Answer
The solution set to the given equation is $$\theta=\{66.5^\circ, 112.5^\circ, 247.5^\circ,292.5^\circ\}$$
Work Step by Step
$$\sqrt2\cos2\theta=-1$$ over interval $[0^\circ,360^\circ)$
1) Find corresponding interval for $2\theta$
The interval for $\theta$ is $[0^\circ,360^\circ)$, which can also be written as the inequality:
$$0^\circ\le\theta\lt360^\circ$$
Therefore, for $2\theta$, the inequality would be
$$0^\circ\le2\theta\lt720^\circ$$
Thus, the corresponding interval for $2\theta$ is $[0^\circ,720^\circ)$.

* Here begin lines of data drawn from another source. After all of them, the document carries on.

(* Let $\mathcal H=(H=A\oplus B,(\cdot,\cdot),x\mapsto x^*,U)$ be a structure algebra. For $a\in A$ let $\phi(a)\in B$ be the unique element with $(\phi(a),b)=(a,b)$ for all $b\in B$. Then $\phi:A\to B$ is an algebra homomorphism from $A$ into the center of $B$, and $ab=\phi(a)b$ for all $a\in A$, $b\in B$.
   Context: All vector spaces are finite-dimensional over $\mathbb C$. For an associative algebra $X$ with a symmetric invariant ($(xy,z)=(x,yz)$) bilinear form nondegenerate on $X$, basis $(e_i)$, Gram matrix $F_{ij}=(e_i,e_j)$ with inverse $(F^{ij})$, put $K_X=\sum F^{ij}e_ie_j$, $V_{K_X}(x)=\sum F^{ij}e_ixe_j$, and for an involutive antiautomorphism $*$ ($(x^* )^*=x$, $(xy)^*=y^*x^*$), $K_{X,*}=\sum F^{ij}e_ie_j^*$. A structure algebra is a tuple $(H=A\oplus B,(\cdot,\cdot),x\mapsto x^*,U)$ where $H$ is a finite-dimensional associative algebra, $H=A\oplus B$ is a decomposition into vector subspaces, $(\cdot,\cdot)$ is a symmetric invariant bilinear form on $H$, $*$ is an involutive antiautomorphism of $H$ and $U\in A$, such that: (1) $A$ is a subalgebra contained in the center of $H$ and its unit $1_A$ is the unit of $H$; (2) $B$ is a two-sided ideal with a unit $1_B$; (3) the restrictions of $(\cdot,\cdot)$ to $A$ and to $B$ are nondegenerate; (4) $(V_{K_B}(b_1),b_2)=\sum_{i,j}F^{ij}(e_i,b_1)(e_j,b_2)$ for all $b_1,b_2\in B$, where $(e_i)$ is a basis of $A$ and $F^{ij}$ the inverse Gram matrix of $(\cdot,\cdot)|_A$; (5) $A^*=A$, $B^*=B$, $(x^*,y^* )=(x,y)$; (6) $U^2=K_{A,*}$; (7) $(U,b)=(K_{B,*},b)$ for all $b\in B$; (8) $(aU)^*=aU$ for all $a\in A$. (All of $K_A,K_{A,*},V_{K_B},K_{B,*}$ are computed inside $A$ or $B$ with the restricted form and involution.) *)

From HB Require Import structures.
From mathcomp Require Import all_boot all_order all_algebra falgebra.
Set Implicit Arguments. Unset Strict Implicit. Unset Printing Implicit Defensive.
Import GRing.Theory Num.Theory.
Local Open Scope ring_scope.


Section StructureAlgebraDefs.
Variables (C : fieldType) (H : falgType C).

Definition bas (X : {vspace H}) (i : 'I_(\dim X)) : H := tnth (vbasis X) i.

Definition gram (f : H -> H -> C) (X : {vspace H}) : 'M[C]_(\dim X) :=
  \matrix_(i, j) f (bas i) (bas j).

Definition igram (f : H -> H -> C) (X : {vspace H}) : 'M[C]_(\dim X) :=
  invmx (gram f X).

Definition K_ (f : H -> H -> C) (X : {vspace H}) : H :=
  \sum_(i < \dim X) \sum_(j < \dim X) igram f X i j *: (bas i * bas j).

Definition V_K (f : H -> H -> C) (X : {vspace H}) (x : H) : H :=
  \sum_(i < \dim X) \sum_(j < \dim X) igram f X i j *: (bas i * x * bas j).

Definition K_star (f : H -> H -> C) (star : H -> H) (X : {vspace H}) : H :=
  \sum_(i < \dim X) \sum_(j < \dim X) igram f X i j *: (bas i * star (bas j)).

(* The tuple (H = A (+) B, (.,.), *, U) with unit 1_B = eB is a structure algebra. *)
Definition structure_algebra (A B : {vspace H}) (f : H -> H -> C)
    (star : H -> H) (U eB : H) : Prop :=
  ((A + B = fullv)%VS /\ (A :&: B = 0)%VS) /\
  [/\ forall x y, f x y = f y x,
      forall k x y z, f (k *: x + y) z = k * f x z + f y z
    & forall x y z, f (x * y) z = f x (y * z)] /\
  [/\ forall k x y, star (k *: x + y) = k *: star x + star y,
      forall x, star (star x) = x
    & forall x y, star (x * y) = star y * star x] /\
  [/\ (1 \in A), (forall a a', a \in A -> a' \in A -> a * a' \in A)
    & forall a x, a \in A -> a * x = x * a] /\
  [/\ forall x b, b \in B -> x * b \in B /\ b * x \in B,
      eB \in B & forall b, b \in B -> eB * b = b /\ b * eB = b] /\
  [/\ forall a, a \in A -> (forall a', a' \in A -> f a a' = 0) -> a = 0
    & forall b, b \in B -> (forall b', b' \in B -> f b b' = 0) -> b = 0] /\
  (forall b1 b2, b1 \in B -> b2 \in B ->
     f (V_K f B b1) b2 =
     \sum_(i < \dim A) \sum_(j < \dim A)
        igram f A i j * f (bas i) b1 * f (bas j) b2) /\
  [/\ forall a, a \in A -> star a \in A,
      forall b, b \in B -> star b \in B
    & forall x y, f (star x) (star y) = f x y] /\
  [/\ U \in A, U * U = K_star f star A,
      forall b, b \in B -> f U b = f (K_star f star B) b
    & forall a, a \in A -> star (a * U) = a * U].

End StructureAlgebraDefs.

(** Invariance gives (a 1_B, b) = (a, 1_B b) = (a, b) for b in B, and a 1_B
    lies in the ideal B, so nondegeneracy of the form on B forces
    phi(a) = a 1_B.  Since A is central and 1_B is an idempotent acting as the
    identity on B, every claimed property of phi is then a one-line
    computation. *)

From HB Require Import structures.
From mathcomp Require Import all_boot all_order all_algebra falgebra.
Set Implicit Arguments. Unset Strict Implicit. Unset Printing Implicit Defensive.
Import GRing.Theory Num.Theory.
Local Open Scope ring_scope.

Section LeftLinearForm.
Variables (C : fieldType) (H : lmodType C) (f : H -> H -> C).
Hypothesis f_linear : forall k x y z, f (k *: x + y) z = k * f x z + f y z.

Lemma form0l z : f 0 z = 0.
Proof.
have := f_linear 1 0 0 z; rewrite scale1r addr0 mul1r => f00.
by apply: (@addrI _ (f 0 z)); rewrite addr0 -f00.
Qed.

Lemma formBl x y z : f (x - y) z = f x z - f y z.
Proof.
have := f_linear 1 x (- y) z; have := f_linear (-1) y 0 z.
by rewrite scale1r mul1r scaleN1r !addr0 form0l addr0 mulN1r => -> .
Qed.

End LeftLinearForm.

Section IdealWithUnit.
Variables (C : fieldType) (H : falgType C) (B : {vspace H}) (eB : H).
Hypothesis eB_unit : forall b, b \in B -> eB * b = b /\ b * eB = b.

Lemma mul_unitl b : b \in B -> eB * b = b.
Proof. by case/eB_unit. Qed.

Lemma mul_unitr b : b \in B -> b * eB = b.
Proof. by case/eB_unit. Qed.

Lemma mul_unit_ideal a b : b \in B -> a * eB * b = a * b.
Proof. by move=> bB; rewrite -mulrA mul_unitl. Qed.

Lemma mul_unit_centralC a b :
  (forall x, a * x = x * a) -> b \in B -> a * eB * b = b * (a * eB).
Proof.
move=> a_central bB.
by rewrite mul_unit_ideal // mulrA -a_central -mulrA mul_unitr.
Qed.

Hypothesis eB_in : eB \in B.

Lemma mul_unit_centralM a a' :
  (forall x, a' * x = x * a') -> a * a' * eB = a * eB * (a' * eB).
Proof.
move=> a'_central; rewrite [in RHS]mulrA -(mulrA a eB a') -(a'_central eB).
by rewrite [in RHS]mulrA -(mulrA (a * a')) mul_unitl.
Qed.

Variable f : H -> H -> C.
Hypotheses (f_linear : forall k x y z, f (k *: x + y) z = k * f x z + f y z)
           (f_invariant : forall x y z, f (x * y) z = f x (y * z))
           (B_rideal : forall x, x * eB \in B)
           (f_nondegB : forall b, b \in B ->
              (forall b', b' \in B -> f b b' = 0) -> b = 0).

Lemma form_representative_unit a p :
  p \in B -> (forall b, b \in B -> f p b = f a b) -> p = a * eB.
Proof.
move=> pB p_rep; apply/eqP; rewrite -subr_eq0; apply/eqP.
apply: f_nondegB => [|b bB]; first by rewrite memvB.
by rewrite formBl // p_rep // f_invariant mul_unitl // subrr.
Qed.

End IdealWithUnit.

Theorem lemma2p1 (C : numClosedFieldType) (H : falgType C)
    (A B : {vspace H}) (f : H -> H -> C) (star : H -> H) (U eB : H)
    (hH : structure_algebra A B f star U eB)
    (phi : H -> H)
    (hphi : forall a, a \in A ->
       phi a \in B /\ (forall b, b \in B -> f (phi a) b = f a b)) :
  [/\ (* phi is an algebra homomorphism A -> B (unital: 1_A |-> 1_B) *)
      forall k a a', a \in A -> a' \in A -> phi (k *: a + a') = k *: phi a + phi a',
      forall a a', a \in A -> a' \in A -> phi (a * a') = phi a * phi a',
      phi 1 = eB,
      (* with values in the center of B *)
      forall a b, a \in A -> b \in B -> phi a * b = b * phi a
    & (* a b = phi(a) b *)
      forall a b, a \in A -> b \in B -> a * b = phi a * b].
Proof.
move: hH => [_ [[_ f_linear f_invariant] [_ [[A1 A_mul A_central]
  [[B_ideal eB_in eB_unit] [[_ f_nondegB] _]]]]]].
have phiE a : a \in A -> phi a = a * eB.
  move=> aA; have [phiB phi_rep] := hphi a aA.
  apply: (form_representative_unit eB_unit f_linear f_invariant _ f_nondegB)
    => // x.
  by case: (B_ideal x eB eB_in).
have central a : a \in A -> forall x, a * x = x * a.
  by move=> aA x; apply: A_central.
split=> [k a a' aA a'A|a a' aA a'A||a b aA bB|a b aA bB].
- by rewrite !phiE ?memvD ?memvZ // mulrDl -scalerAl.
- by rewrite !phiE ?A_mul // (mul_unit_centralM eB_unit eB_in a (central a' a'A)).
- by rewrite phiE // mul1r.
- by rewrite phiE // (mul_unit_centralC eB_unit (central a aA)).
- by rewrite phiE // (mul_unit_ideal eB_unit).
Qed.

2) Now we examine the equation: $$\sqrt2\cos2\theta=-1$$
$$\cos2\theta=-\frac{1}{\sqrt2}=-\frac{\sqrt2}{2}$$
Over interval $[0^\circ,720^\circ)$, there are 4 values whose sine equals $-\frac{\sqrt2}{2}$, which are $\{135^\circ, 225^\circ, 495^\circ,585^\circ\}$
Therefore, $$2\theta=\{135^\circ, 225^\circ, 495^\circ,585^\circ\}$$
It follows that $$\theta=\{66.5^\circ, 112.5^\circ, 247.5^\circ,292.5^\circ\}$$
This is the solution set of the equation.